DATA TO USE —
(* Let $k$ be an algebraically closed field, $P=k[X_1,\ldots,X_n]$, $\mathfrak t=\langle X_1,\ldots,X_n\rangle$, and $M$ a Noetherian $P$-module with $x_i$ the action of $X_i$ on $M$. For $r\ge1$ let $M^{(r)}=P/\mathfrak t^r\otimes_kM$ (a $k$-space isomorphic to $M^{\binom{r+n-1}{n}}$) with the commuting $k$-linear operators $x_i^{(r)}=1\otimes x_i-X_i\otimes1$, making $M^{(r)}$ a $P$-module via $X_i\mapsto x_i^{(r)}$; put $x^{(r)}=(x^{(r)}_1,\ldots,x^{(r)}_n)$. Then $M^{(r)}$ is a Noetherian $P$-module, $\sigma(x^{(r)},M^{(r)})=\sigma(x,M)$ for all $r\ge1$, and $\dim_kH_p(x^{(r)}-a,M^{(r)})<\infty$ for all $p$, all $a\in k^n$ and all $r\ge1$ (i.e. $i(x^{(r)}-a)<\infty$).
   Context: For a commutative $k$-algebra $R$, an $R$-module $M$ and an $n$-tuple $y$ in $R$, the Koszul complex $\operatorname{Kos}(y,M)$ is $0\leftarrow M\leftarrow M\otimes_k\wedge^1k^n\leftarrow\cdots\leftarrow M\otimes_k\wedge^nk^n\leftarrow 0$ with differential $\partial(u\otimes e_{i_1}\wedge\cdots\wedge e_{i_p})=\sum_{s=1}^p(-1)^{s+1}y_{i_s}u\otimes e_{i_1}\wedge\cdots\wedge\widehat{e_{i_s}}\wedge\cdots\wedge e_{i_p}$, with homology $H_p(y,M)$. For $a\in k^n$, $y-a=(y_1-a_1,\ldots,y_n-a_n)$. Taylor spectrum $\sigma(y,M)$: the set of $a\in k^n$ with $\operatorname{Kos}(y-a,M)$ not exact. Index: $i(y)=\sum_{p=0}^n(-1)^{p+1}\dim_kH_p(y,M)$, with $i(y)<\infty$ meaning all dimensions are finite. *)

From HB Require Import structures.
From mathcomp Require Import all_boot all_order all_algebra.
Set Implicit Arguments. Unset Strict Implicit. Unset Printing Implicit Defensive.
Import Order.TTheory GRing.Theory.
Local Open Scope ring_scope.

Section Koszul.
Variables (k : fieldType) (V : lmodType k) (n : nat).

(* M (x) /\^p k^n is encoded by chains C := {ffun {set 'I_n} -> V}
   supported on p-element subsets; f S is the coefficient of e_S
   (e_S = e_{i_1} /\ ... /\ e_{i_p}, i_1 < ... < i_p listing S). *)
Definition chain := {ffun {set 'I_n} -> V}.

Definition is_deg (p : nat) (f : chain) : Prop :=
  forall S : {set 'I_n}, #|S| != p -> f S = 0.

(* Koszul differential: d(u e_{i_1..i_p}) = sum_s (-1)^(s+1) y_{i_s} u e_{..^i_s..};
   the coefficient of e_T in d f collects s \notin T, s at (1-based) position
   #{t in T | t < s} + 1 in T :|: [set s]. *)
Definition kdiff (y : 'I_n -> V -> V) (f : chain) : chain :=
  [ffun T : {set 'I_n} =>
     \sum_(s : 'I_n | s \notin T)
        ((-1) ^+ #|[set t in T | (t < s)%N]| : k) *: y s (f (s |: T))].

Definition kcycle (y : 'I_n -> V -> V) (p : nat) (z : chain) : Prop :=
  is_deg p z /\ kdiff y z = 0.

Definition kboundary (y : 'I_n -> V -> V) (p : nat) (z : chain) : Prop :=
  exists g : chain, is_deg p.+1 g /\ kdiff y g = z.

Definition koszul_exact (y : 'I_n -> V -> V) : Prop :=
  forall (p : nat) (z : chain), kcycle y p z -> kboundary y p z.

(* dim_k H_p(y,V) < oo : finitely many cycles span cycles modulo boundaries *)
Definition homology_findim (y : 'I_n -> V -> V) (p : nat) : Prop :=
  exists (m : nat) (c : 'I_m -> chain),
    (forall j, kcycle y p (c j)) /\
    forall z, kcycle y p z ->
      exists (lam : 'I_m -> k) (g : chain),
        is_deg p.+1 g /\ z = \sum_(j < m) lam j *: c j + kdiff y g.

Definition shift_ops (y : 'I_n -> V -> V) (a : 'I_n -> k) : 'I_n -> V -> V :=
  fun i v => y i v - a i *: v.

Definition taylor_spectrum (y : 'I_n -> V -> V) : (('I_n -> k) -> Prop) :=
  fun a => ~ koszul_exact (shift_ops y a).

(* V with X_i acting by y_i is a P = k[X_1..X_n]-module *)
Definition is_Pmodule (y : 'I_n -> V -> V) : Prop :=
  (forall i (c : k) (u v : V), y i (c *: u + v) = c *: y i u + y i v) /\
  (forall i j (v : V), y i (y j v) = y j (y i v)).

Definition is_Psubmodule (y : 'I_n -> V -> V) (S : V -> Prop) : Prop :=
  [/\ S 0, (forall u v, S u -> S v -> S (u + v)),
      (forall (c : k) u, S u -> S (c *: u)) & (forall i u, S u -> S (y i u))].

Definition noetherian_Pmodule (y : 'I_n -> V -> V) : Prop :=
  is_Pmodule y /\
  forall S : nat -> V -> Prop,
    (forall m, is_Psubmodule y (S m)) ->
    (forall m v, S m v -> S m.+1 v) ->
    exists N : nat, forall m, (N <= m)%N -> forall v, S m v <-> S N v.

End Koszul.

(* Monomials X^a of P/t^r: exponent vectors a with |a| < r *)
Definition mono (n r : nat) :=
  {a : {ffun 'I_n -> 'I_r} | (\sum_(i < n) (a i : nat) < r)%N}.

Section Mr.
Variables (k : fieldType) (M : lmodType k) (n r : nat).

(* M^(r) = P/t^r (x)_k M : sum_a X^a (x) f a *)
Definition Mr := {ffun mono n r -> M}.

Definition mono_succ (i : 'I_n) (a b : mono n r) : bool :=
  [forall j : 'I_n, (val (val b j) == val (val a j) + (j == i))%N].

Definition mulX (i : 'I_n) (f : Mr) : Mr :=
  [ffun b : mono n r => \sum_(a : mono n r | mono_succ i a b) f a].

Definition xr (x : 'I_n -> M -> M) (i : 'I_n) (f : Mr) : Mr :=
  [ffun b : mono n r => x i (f b)] - mulX i f.

End Mr.

From HB Require Import structures.
From Stdlib Require Import Classical ClassicalEpsilon.
From mathcomp Require Import all_boot all_order all_algebra zify.
Set Implicit Arguments. Unset Strict Implicit. Unset Printing Implicit Defensive.
Import GRing.Theory.
Local Open Scope ring_scope.

(* Write M^(r) as functions f : mono -> M on the monomials of degree < r.  On
   the coefficient at b, x_i^(r) acts as x_i minus the coefficient at the
   monomial a with X_i a = b.  Hence for every upward closed set A of
   monomials the functions supported in A form a P-submodule, and removing
   from A a monomial b of minimal degree yields a filtration of M^(r) whose
   successive quotients are copies of (M, x) via f |-> f b.  Everything then
   follows from three extension properties, each proved once in general:
   - the ascending chain condition passes to extensions (acc_ext);
   - exactness of a Koszul complex in degree q passes to extensions
     (exact_ext), so Kos(x-a, M) exact implies Kos(x^(r)-a, M^(r)) exact;
   - if V -> W is a split P-linear surjection, V is exact in degree q and the
     kernel is exact in degree q-1, then W is exact in degree q
     (exact_quotient); applied to f |-> f 1 this gives the converse.
   Finally, for any Noetherian P-module the p-cycles form a finitely generated
   P-submodule of the chains, and y_i kills homology by the Koszul homotopy
   d(e_i /\ z) + e_i /\ d z = y_i z, so H_p is finite dimensional. *)

Section LinearMaps.
Variables (k : fieldType) (V W : lmodType k).

(* k-linearity, in the single-equation form used by is_Pmodule. *)
Definition linmap (f : V -> W) := forall (c : k) u v, f (c *: u + v) = c *: f u + f v.

Variable f : V -> W.
Hypothesis hf : linmap f.

Lemma linmap0 : f 0 = 0.
Proof.
have /eqP := hf 1 0 0; rewrite scaler0 add0r scale1r eq_sym -subr_eq0 addrK.
by move/eqP.
Qed.

Lemma linmapD u v : f (u + v) = f u + f v.
Proof. by have := hf 1 u v; rewrite !scale1r. Qed.

Lemma linmapZ c u : f (c *: u) = c *: f u.
Proof. by have := hf c u 0; rewrite !addr0 linmap0 addr0. Qed.

Lemma linmapB u v : f (u - v) = f u - f v.
Proof. by rewrite linmapD -scaleN1r linmapZ scaleN1r. Qed.

Lemma linmap_sum (I : Type) (s : seq I) (P : pred I) (F : I -> V) :
  f (\sum_(i <- s | P i) F i) = \sum_(i <- s | P i) f (F i).
Proof. exact: (big_morph f linmapD linmap0). Qed.

End LinearMaps.

Lemma sign_oddD (R : pzRingType) (e1 e2 : nat) : odd (e1 + e2) ->
  (-1) ^+ e1 = - ((-1) ^+ e2) :> R.
Proof.
rewrite oddD -[LHS]signr_odd -[in RHS]signr_odd.
by case: (odd e1); case: (odd e2); rewrite //= ?expr0 ?expr1 ?opprK.
Qed.

Lemma sum_antisym (W : zmodType) (n : nat) (F : 'I_n -> 'I_n -> W) :
  (forall s, F s s = 0) -> (forall s t, F t s = - F s t) ->
  \sum_s \sum_t F s t = 0.
Proof.
move=> F0 FA.
have -> : \sum_s \sum_t F s t =
   \sum_s \sum_t (F s t *+ (s < t)%N) + \sum_s \sum_t (F s t *+ (t < s)%N).
  rewrite -big_split; apply: eq_bigr => s _; rewrite -big_split; apply: eq_bigr => t _.
  case: (ltngtP s t) => h /=; rewrite ?mulr1n ?mulr0n ?addr0 ?add0r //.
  by rewrite (val_inj h).
rewrite [X in _ + X]exchange_big /=.
rewrite [X in _ + X](eq_bigr (fun t => - \sum_s (F t s *+ (t < s)%N))).
  by rewrite sumrN subrr.
by move=> t _; rewrite -sumrN; apply: eq_bigr => s _; rewrite FA mulNrn.
Qed.

Section Counting.
Variable n : nat.

Lemma ltn_add_gtn (s t : 'I_n) : s != t -> ((s < t) + (t < s))%N = 1%N.
Proof. by case: (ltngtP s t) => // /val_inj ->; rewrite eqxx. Qed.

(* The number of elements of T below s: the sign exponent of the Koszul
   differential, since e_s /\ e_T = (-1)^(nbelow T s) e_(s |: T). *)
Definition nbelow (T : {set 'I_n}) (s : 'I_n) := #|[set t in T | (t < s)%N]|.

Lemma nbelowU1 (T : {set 'I_n}) (s t : 'I_n) : s \notin T ->
  nbelow (s |: T) t = (nbelow T t + (s < t))%N.
Proof.
move=> sT; rewrite /nbelow; case: ltnP => h.
  have -> : [set u in s |: T | (u < t)%N] = s |: [set u in T | (u < t)%N].
    by apply/setP => u; rewrite !inE; case: eqP => [->|].
  by rewrite cardsU1 inE (negPf sT) addn1.
have -> : [set u in s |: T | (u < t)%N] = [set u in T | (u < t)%N].
  apply/setP => u; rewrite !inE; case: eqP => [->|//].
  by rewrite ltnNge h /= andbF.
by rewrite addn0.
Qed.

Lemma nbelowD1 (T : {set 'I_n}) (s t : 'I_n) : s \in T ->
  nbelow T t = (nbelow (T :\ s) t + (s < t))%N.
Proof. by move=> sT; rewrite -nbelowU1 ?setD11 // setD1K. Qed.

EXERCISE OBJECTIVE — Go through the listing above and copy each line where the string "coefficient" appears.

EXERCISE RESULT —
   supported on p-element subsets; f S is the coefficient of e_S
   the coefficient of e_T in d f collects s \notin T, s at (1-based) position
   the coefficient at b, x_i^(r) acts as x_i minus the coefficient at the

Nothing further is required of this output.